**WHAT YOU HAVE TO DO**
The lines to repeat are those below from the one containing "[/\ is_subgroup H, msub" down to the one containing "commutes with a", both included; reproduce them exactly and nothing else.

**RECORDS FOR THE EXERCISE**
(* Let $p$ be an odd prime, $\omega=e^{2\pi i/p}$, $m\ge1$, $Q=T_{(p^m)}$ and $K=K_Q(p)$. Every maximal $p$-torsion abelian subgroup of $K$ is either the subgroup $T_{(p)}$ or a subgroup of the form $\langle\omega\mathbbm{1},S_\xi X\rangle$ with $S_\xi\in Q$. Any two distinct maximal $p$-torsion abelian subgroups of $K$ intersect in the center $Z(K)=\langle\omega\mathbbm{1}\rangle$.
   Context: Let $\{|q\rangle:q\in\mathbb{Z}_p\}$ be the computational basis of $\mathbb{C}^p$ and $X|q\rangle=|q+1\rangle$. For $\xi:\mathbb{Z}_p\to U(1)$ let $S_\xi=\mathrm{diag}(\xi(0),\dots,\xi(p-1))$. $T=\{S_\xi:\prod_{q}\xi(q)=1\}$ and $T_{(p^k)}=\{S\in T:S^{p^k}=\mathbbm{1}\}$. $K_Q(p)$ is the subgroup of $SU(p)$ generated by all $S_\xi X^b$ with $S_\xi\in Q$, $b\in\mathbb{Z}_p$. A subgroup is $p$-torsion abelian if it is abelian and every element $M$ in it satisfies $M^p=\mathbbm{1}$; maximal refers to inclusion among such subgroups. *)

From HB Require Import structures.
From mathcomp Require Import all_boot all_order all_algebra all_field.
Set Implicit Arguments. Unset Strict Implicit. Unset Printing Implicit Defensive.
Import Order.TTheory GRing.Theory Num.Theory.
Local Open Scope ring_scope.

(* Matrices acting on C^p, with complex entries taken in algC (all groups
   considered here consist of matrices with root-of-unity entries). *)
Definition mat (p : nat) := 'M[algC]_p.

Definition mset (p : nat) := mat p -> Prop.
Definition msub p (A B : mset p) := forall M, A M -> B M.
Definition meq p (A B : mset p) := forall M, A M <-> B M.

(* omega = e^{2 pi i / p}: p.-root (-1) is e^{i pi / p} (minimal argument) *)
Definition omega (p : nat) : algC := (p.-root (-1)) ^+ 2.

(* X |q> = |q+1 mod p> *)
Definition shiftX (p : nat) : mat p :=
  \matrix_(i, j) (((i : nat) == (j.+1 %% p)%N)%:R).

Definition Sxi (p : nat) (xi : 'I_p -> algC) : mat p := diag_mx (\row_q xi q).

Definition Tset (p : nat) : mset p := fun S =>
  exists xi : 'I_p -> algC,
    S = Sxi xi /\ (forall q, `|xi q| = 1) /\ \prod_q xi q = 1.

Definition Tpow (p k : nat) : mset p := fun S =>
  Tset S /\ S ^+ (p ^ k) = 1%:M.

Definition is_subgroup p (H : mset p) :=
  [/\ H 1%:M,
      (forall A B, H A -> H B -> H (A *m B)) &
      (forall A, H A -> A \in unitmx /\ H (invmx A))].

Definition generated p (G : mset p) : mset p := fun M =>
  forall H, is_subgroup H -> msub G H -> H M.

Definition KQ p (Q : mset p) : mset p :=
  generated (fun M => exists S (b : 'I_p), Q S /\ M = S *m (shiftX p) ^+ b).

Definition abelian_set p (H : mset p) :=
  forall A B, H A -> H B -> A *m B = B *m A.

Definition ptorsion p (H : mset p) := forall M, H M -> M ^+ p = 1%:M.

Definition pt_abelian_sub p (K H : mset p) :=
  [/\ is_subgroup H, msub H K, abelian_set H & ptorsion H].

Definition maximal_pt_abelian p (K H : mset p) :=
  pt_abelian_sub K H /\
  forall H', pt_abelian_sub K H' -> msub H H' -> msub H' H.

Definition center p (K : mset p) : mset p := fun M =>
  K M /\ forall N, K N -> M *m N = N *m M.

Definition scal_omega p : mset p := generated (fun M => M = (omega p)%:M).

Definition gen_omega_SX p (S : mat p) : mset p :=
  generated (fun M => M = (omega p)%:M \/ M = S *m shiftX p).

Arguments Tpow p k _ : clear implicits.
Arguments Tset p _ : clear implicits.
Arguments scal_omega p _ : clear implicits.

From HB Require Import structures.
From mathcomp Require Import all_boot all_order all_algebra all_field.
From Stdlib Require Import Classical.
Import Order.TTheory GRing.Theory Num.Theory.
Set Implicit Arguments. Unset Strict Implicit. Unset Printing Implicit Defensive.
Local Open Scope ring_scope.

(* Elements of K are the monomial matrices S_xi X^b.  A diagonal matrix that
   commutes with a monomial matrix of nonzero shift b has constant diagonal,
   because b generates Z_p; and a constant diagonal matrix of K is a power of
   omega 1, because its determinant is 1.  Hence, for M in K outside <omega 1>
   with M^p = 1, the p-torsion part of the centralizer of M in K is an abelian
   group: T_(p) if M is diagonal, and <omega 1, g> if M has a nonzero shift, g
   being the power of M of shift 1.  A maximal p-torsion abelian subgroup
   containing M lies in, hence equals, this centralizer; this classifies the
   maximal subgroups and shows that two of them sharing an element outside
   <omega 1> coincide.  The center is <omega 1>, since a central element
   commutes with X and with diag(omega, omega^-1, 1, ..., 1), which is not
   scalar as p > 2. *)

Lemma prime_unity_root_prim (R : nzRingType) p (z : R) :
  prime p -> z ^+ p = 1 -> z != 1 -> p.-primitive_root z.
Proof.
move=> pr_p zp z_neq1; have [k zk kp] := prim_order_exists (prime_gt0 pr_p) zp.
case/primeP: pr_p => _ /(_ k kp) /orP [/eqP k1|/eqP <- //].
by move: z_neq1; rewrite -(prim_expr_order zk) k1 expr1 eqxx.
Qed.

Lemma omega_prim_root p : prime p -> p.-primitive_root (omega p).
Proof.
move=> pr_p; have p_gt1 := prime_gt1 pr_p; rewrite /omega.
have rp : p.-root (-1 : algC) ^+ p = -1 by rewrite rootCK // ltnW.
have := @rootC_lt0 algC _ (-1) p_gt1; move: (p.-root (-1)) rp => r rp r_lt0.
apply: prime_unity_root_prim => //; first by rewrite -exprM mulnC exprM rp sqrrN expr1n.
rewrite sqrf_eq1 negb_or; apply/andP; split; apply/eqP => er.
  by move: rp; rewrite er expr1n => e; have := @ltrN10 algC; rewrite -e ltr10.
by move: r_lt0; rewrite er ltrN10.
Qed.

Lemma Zp_prime_unit n (b : 'I_n.+2) : prime n.+2 -> b != 0 -> b \is a GRing.unit.
Proof.
move=> pr_p b0; have := unitZpE b (isT : (1 < n.+2)%N); rewrite natr_Zp => ->.
rewrite prime_coprime // gtnNdvd //.
by rewrite lt0n; apply: contra b0 => /eqP b0; apply/eqP/val_inj.
Qed.

Section MonomialMatrices.

Variables (R : fieldType) (n : nat).
Implicit Types (xi eta zeta : 'I_n.+2 -> R) (b c : 'I_n.+2).

(* [monomial_mx xi b] is S_xi X^b: it maps |j> to xi (j + b) |j + b>. *)
Definition monomial_mx xi b : 'M[R]_n.+2 :=
  \matrix_(i, j) (xi i * (i == j + b)%:R).

Lemma monomial_mxM xi eta b c :
  monomial_mx xi b * monomial_mx eta c =
  monomial_mx (fun i => xi i * eta (i - b)) (c + b).
Proof.
apply/matrixP => i k; rewrite !mxE (bigD1 (k + c)) //= big1; last first.
  by move=> j jn; rewrite !mxE (negbTE jn) mulr0 mulr0.
rewrite !mxE eqxx mulr1 addr0 addrA.
by case: eqP => [->|_]; rewrite ?addrK ?mulr1 // !mulr0 mul0r.
Qed.

Lemma eq_monomial_mx xi eta b :
  xi =1 eta -> monomial_mx xi b = monomial_mx eta b.
Proof. by move=> e; apply/matrixP => i j; rewrite !mxE e. Qed.

Lemma monomial_mx_entry xi b j : monomial_mx xi b (j + b) j = xi (j + b).
Proof. by rewrite mxE eqxx mulr1. Qed.

Lemma monomial_mx_phase_inj xi eta b :
  monomial_mx xi b = monomial_mx eta b -> xi =1 eta.
Proof.
by move=> e i; rewrite -(subrK b i) -!(monomial_mx_entry _ b) e.
Qed.

Lemma monomial_mx1 : 1 = monomial_mx (fun _ => 1) 0.
Proof. by apply/matrixP => i j; rewrite !mxE addr0 mul1r. Qed.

**SOLUTION FOR THIS TASK**
  [/\ is_subgroup H, msub H K, abelian_set H & ptorsion H].

Definition maximal_pt_abelian p (K H : mset p) :=
  pt_abelian_sub K H /\
  forall H', pt_abelian_sub K H' -> msub H H' -> msub H' H.

Definition center p (K : mset p) : mset p := fun M =>
  K M /\ forall N, K N -> M *m N = N *m M.

Definition scal_omega p : mset p := generated (fun M => M = (omega p)%:M).

Definition gen_omega_SX p (S : mat p) : mset p :=
  generated (fun M => M = (omega p)%:M \/ M = S *m shiftX p).

Arguments Tpow p k _ : clear implicits.
Arguments Tset p _ : clear implicits.
Arguments scal_omega p _ : clear implicits.

From HB Require Import structures.
From mathcomp Require Import all_boot all_order all_algebra all_field.
From Stdlib Require Import Classical.
Import Order.TTheory GRing.Theory Num.Theory.
Set Implicit Arguments. Unset Strict Implicit. Unset Printing Implicit Defensive.
Local Open Scope ring_scope.

(* Elements of K are the monomial matrices S_xi X^b.  A diagonal matrix that
   commutes with a monomial matrix of nonzero shift b has constant diagonal,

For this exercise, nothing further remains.